TASK OBJECTIVE.
Since only the total matters, count the lines of these entries containing the word "potential" and write that total alone.

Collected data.
..........

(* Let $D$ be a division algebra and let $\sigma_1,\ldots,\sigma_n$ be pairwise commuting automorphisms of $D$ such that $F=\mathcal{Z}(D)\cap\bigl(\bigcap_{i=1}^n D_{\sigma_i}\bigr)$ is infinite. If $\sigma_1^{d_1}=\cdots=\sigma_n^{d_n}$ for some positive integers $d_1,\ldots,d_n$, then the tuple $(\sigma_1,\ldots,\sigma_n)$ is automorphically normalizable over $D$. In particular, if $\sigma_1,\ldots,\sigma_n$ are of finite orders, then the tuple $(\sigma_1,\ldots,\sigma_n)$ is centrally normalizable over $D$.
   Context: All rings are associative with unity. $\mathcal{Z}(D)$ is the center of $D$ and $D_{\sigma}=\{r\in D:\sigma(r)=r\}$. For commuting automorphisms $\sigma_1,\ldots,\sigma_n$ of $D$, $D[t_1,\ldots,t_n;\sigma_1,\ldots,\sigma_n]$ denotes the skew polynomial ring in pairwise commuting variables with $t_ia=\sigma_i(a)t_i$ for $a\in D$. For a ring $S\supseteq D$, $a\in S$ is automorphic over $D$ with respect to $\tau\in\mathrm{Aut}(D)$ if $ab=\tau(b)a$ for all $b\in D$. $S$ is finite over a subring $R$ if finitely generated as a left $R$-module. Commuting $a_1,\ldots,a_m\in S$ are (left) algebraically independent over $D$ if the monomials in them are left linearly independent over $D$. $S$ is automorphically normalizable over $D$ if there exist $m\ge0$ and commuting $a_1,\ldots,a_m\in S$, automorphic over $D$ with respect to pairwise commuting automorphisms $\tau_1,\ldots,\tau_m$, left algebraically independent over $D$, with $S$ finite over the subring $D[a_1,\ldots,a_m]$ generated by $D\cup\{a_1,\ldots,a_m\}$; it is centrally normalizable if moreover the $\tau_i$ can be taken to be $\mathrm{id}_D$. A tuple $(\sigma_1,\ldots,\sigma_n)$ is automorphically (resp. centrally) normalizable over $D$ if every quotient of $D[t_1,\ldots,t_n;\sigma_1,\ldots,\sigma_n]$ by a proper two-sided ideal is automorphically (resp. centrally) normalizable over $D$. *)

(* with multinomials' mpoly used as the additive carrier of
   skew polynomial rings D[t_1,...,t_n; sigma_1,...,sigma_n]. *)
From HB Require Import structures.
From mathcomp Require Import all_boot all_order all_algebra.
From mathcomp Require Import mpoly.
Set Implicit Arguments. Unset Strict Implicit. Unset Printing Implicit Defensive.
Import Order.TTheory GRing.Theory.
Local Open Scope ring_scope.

..........

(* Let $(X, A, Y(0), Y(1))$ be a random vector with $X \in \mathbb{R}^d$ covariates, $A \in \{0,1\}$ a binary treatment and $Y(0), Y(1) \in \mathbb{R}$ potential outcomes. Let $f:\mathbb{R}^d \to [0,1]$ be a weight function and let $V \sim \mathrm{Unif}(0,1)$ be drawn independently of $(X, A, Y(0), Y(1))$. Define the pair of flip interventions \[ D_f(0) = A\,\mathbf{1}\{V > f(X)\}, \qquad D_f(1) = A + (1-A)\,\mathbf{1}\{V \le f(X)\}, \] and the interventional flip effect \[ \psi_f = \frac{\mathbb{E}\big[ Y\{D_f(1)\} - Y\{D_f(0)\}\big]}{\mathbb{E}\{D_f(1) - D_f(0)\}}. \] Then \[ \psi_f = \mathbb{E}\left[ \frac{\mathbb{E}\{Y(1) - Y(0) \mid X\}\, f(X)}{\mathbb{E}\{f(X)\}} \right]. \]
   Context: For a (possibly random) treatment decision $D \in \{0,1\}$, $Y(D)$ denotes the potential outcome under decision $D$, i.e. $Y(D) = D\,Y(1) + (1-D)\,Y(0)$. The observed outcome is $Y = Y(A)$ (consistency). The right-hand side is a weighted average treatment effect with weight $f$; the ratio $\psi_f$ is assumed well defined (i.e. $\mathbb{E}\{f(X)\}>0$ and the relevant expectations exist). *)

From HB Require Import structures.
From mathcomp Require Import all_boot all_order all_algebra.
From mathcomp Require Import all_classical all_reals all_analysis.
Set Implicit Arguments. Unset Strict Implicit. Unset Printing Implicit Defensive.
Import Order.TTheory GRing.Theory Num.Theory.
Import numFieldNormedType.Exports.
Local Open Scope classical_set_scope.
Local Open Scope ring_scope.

..........

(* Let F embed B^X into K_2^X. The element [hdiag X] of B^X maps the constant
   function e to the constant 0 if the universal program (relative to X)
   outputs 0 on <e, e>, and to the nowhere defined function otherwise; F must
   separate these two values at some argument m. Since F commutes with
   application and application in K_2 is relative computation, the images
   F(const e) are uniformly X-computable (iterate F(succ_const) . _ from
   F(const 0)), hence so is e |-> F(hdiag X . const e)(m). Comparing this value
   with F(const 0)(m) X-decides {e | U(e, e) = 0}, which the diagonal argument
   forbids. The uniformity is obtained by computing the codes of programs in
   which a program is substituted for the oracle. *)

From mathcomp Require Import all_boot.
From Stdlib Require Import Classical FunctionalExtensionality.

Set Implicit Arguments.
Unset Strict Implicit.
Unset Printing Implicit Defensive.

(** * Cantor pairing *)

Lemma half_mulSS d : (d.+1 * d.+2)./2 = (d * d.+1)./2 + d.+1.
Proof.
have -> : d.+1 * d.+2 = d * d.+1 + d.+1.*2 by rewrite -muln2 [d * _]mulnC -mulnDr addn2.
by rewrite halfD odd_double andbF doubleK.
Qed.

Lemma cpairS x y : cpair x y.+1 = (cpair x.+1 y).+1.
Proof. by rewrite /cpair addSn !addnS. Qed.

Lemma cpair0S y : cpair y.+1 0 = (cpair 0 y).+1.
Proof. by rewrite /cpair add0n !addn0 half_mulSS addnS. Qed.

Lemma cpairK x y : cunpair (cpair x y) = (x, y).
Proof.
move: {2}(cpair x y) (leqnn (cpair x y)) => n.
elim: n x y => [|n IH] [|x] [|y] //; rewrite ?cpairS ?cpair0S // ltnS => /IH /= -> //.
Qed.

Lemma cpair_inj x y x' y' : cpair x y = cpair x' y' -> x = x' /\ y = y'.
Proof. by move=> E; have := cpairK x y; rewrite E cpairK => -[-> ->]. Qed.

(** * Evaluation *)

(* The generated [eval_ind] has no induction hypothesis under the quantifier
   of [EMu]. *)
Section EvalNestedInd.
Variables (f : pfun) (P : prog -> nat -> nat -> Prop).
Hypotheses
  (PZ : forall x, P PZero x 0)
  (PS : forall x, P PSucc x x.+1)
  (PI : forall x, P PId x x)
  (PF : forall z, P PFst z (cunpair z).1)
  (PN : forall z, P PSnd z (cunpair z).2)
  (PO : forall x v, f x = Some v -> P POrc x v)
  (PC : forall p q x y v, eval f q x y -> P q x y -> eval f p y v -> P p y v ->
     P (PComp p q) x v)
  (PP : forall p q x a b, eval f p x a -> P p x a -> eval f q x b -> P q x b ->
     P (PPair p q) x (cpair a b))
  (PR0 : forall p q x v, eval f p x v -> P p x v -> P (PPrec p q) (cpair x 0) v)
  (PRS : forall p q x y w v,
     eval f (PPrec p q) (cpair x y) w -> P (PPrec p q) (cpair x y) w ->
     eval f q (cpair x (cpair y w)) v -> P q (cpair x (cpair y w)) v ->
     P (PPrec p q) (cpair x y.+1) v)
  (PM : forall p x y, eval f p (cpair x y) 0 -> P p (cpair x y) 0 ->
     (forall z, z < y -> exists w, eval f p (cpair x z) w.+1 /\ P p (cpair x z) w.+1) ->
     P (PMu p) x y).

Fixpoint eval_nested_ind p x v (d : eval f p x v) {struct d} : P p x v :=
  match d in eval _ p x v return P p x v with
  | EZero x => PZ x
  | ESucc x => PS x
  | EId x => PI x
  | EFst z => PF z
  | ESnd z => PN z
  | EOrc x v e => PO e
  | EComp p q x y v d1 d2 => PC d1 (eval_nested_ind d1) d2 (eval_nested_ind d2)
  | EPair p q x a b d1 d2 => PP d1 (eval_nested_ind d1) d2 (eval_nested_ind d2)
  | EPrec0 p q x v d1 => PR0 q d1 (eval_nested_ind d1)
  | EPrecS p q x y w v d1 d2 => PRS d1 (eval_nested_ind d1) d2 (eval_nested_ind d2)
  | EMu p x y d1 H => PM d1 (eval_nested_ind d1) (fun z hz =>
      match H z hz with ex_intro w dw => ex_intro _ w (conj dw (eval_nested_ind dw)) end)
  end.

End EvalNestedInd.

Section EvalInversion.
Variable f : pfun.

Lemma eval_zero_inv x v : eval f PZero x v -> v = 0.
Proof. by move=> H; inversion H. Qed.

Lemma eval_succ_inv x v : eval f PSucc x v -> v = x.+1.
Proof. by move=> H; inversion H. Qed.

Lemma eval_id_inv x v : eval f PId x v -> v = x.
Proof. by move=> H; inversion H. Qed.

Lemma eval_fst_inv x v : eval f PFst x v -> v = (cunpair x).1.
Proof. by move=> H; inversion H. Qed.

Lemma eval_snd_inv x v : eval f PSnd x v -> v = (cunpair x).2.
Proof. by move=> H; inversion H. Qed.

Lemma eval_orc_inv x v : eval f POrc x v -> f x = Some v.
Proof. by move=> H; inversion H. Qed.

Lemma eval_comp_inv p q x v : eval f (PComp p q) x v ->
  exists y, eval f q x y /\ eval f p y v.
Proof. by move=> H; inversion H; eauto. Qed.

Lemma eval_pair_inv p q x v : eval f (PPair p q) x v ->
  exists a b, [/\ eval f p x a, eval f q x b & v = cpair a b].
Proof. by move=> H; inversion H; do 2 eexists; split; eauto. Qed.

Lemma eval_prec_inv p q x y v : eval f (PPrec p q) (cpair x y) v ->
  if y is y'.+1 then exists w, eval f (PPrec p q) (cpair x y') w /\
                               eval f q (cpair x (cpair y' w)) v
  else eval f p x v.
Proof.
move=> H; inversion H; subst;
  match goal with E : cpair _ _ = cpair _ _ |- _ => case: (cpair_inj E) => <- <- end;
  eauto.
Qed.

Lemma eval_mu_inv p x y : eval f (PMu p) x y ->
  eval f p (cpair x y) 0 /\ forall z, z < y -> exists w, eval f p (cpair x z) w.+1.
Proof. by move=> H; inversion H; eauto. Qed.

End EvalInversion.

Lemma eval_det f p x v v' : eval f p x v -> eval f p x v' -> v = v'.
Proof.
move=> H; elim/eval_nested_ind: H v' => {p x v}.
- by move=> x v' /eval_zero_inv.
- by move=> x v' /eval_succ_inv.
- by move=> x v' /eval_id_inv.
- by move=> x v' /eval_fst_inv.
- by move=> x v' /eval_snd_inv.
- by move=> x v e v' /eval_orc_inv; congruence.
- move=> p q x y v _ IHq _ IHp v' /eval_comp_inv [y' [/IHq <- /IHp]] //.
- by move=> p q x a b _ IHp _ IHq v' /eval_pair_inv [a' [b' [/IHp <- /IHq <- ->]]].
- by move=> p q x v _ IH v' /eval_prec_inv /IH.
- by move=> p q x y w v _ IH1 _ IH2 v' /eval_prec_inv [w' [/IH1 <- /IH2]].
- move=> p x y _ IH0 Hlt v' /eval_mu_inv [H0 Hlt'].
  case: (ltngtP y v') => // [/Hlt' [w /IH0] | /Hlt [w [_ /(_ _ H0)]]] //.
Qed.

..........

TASK SOLUTION.
2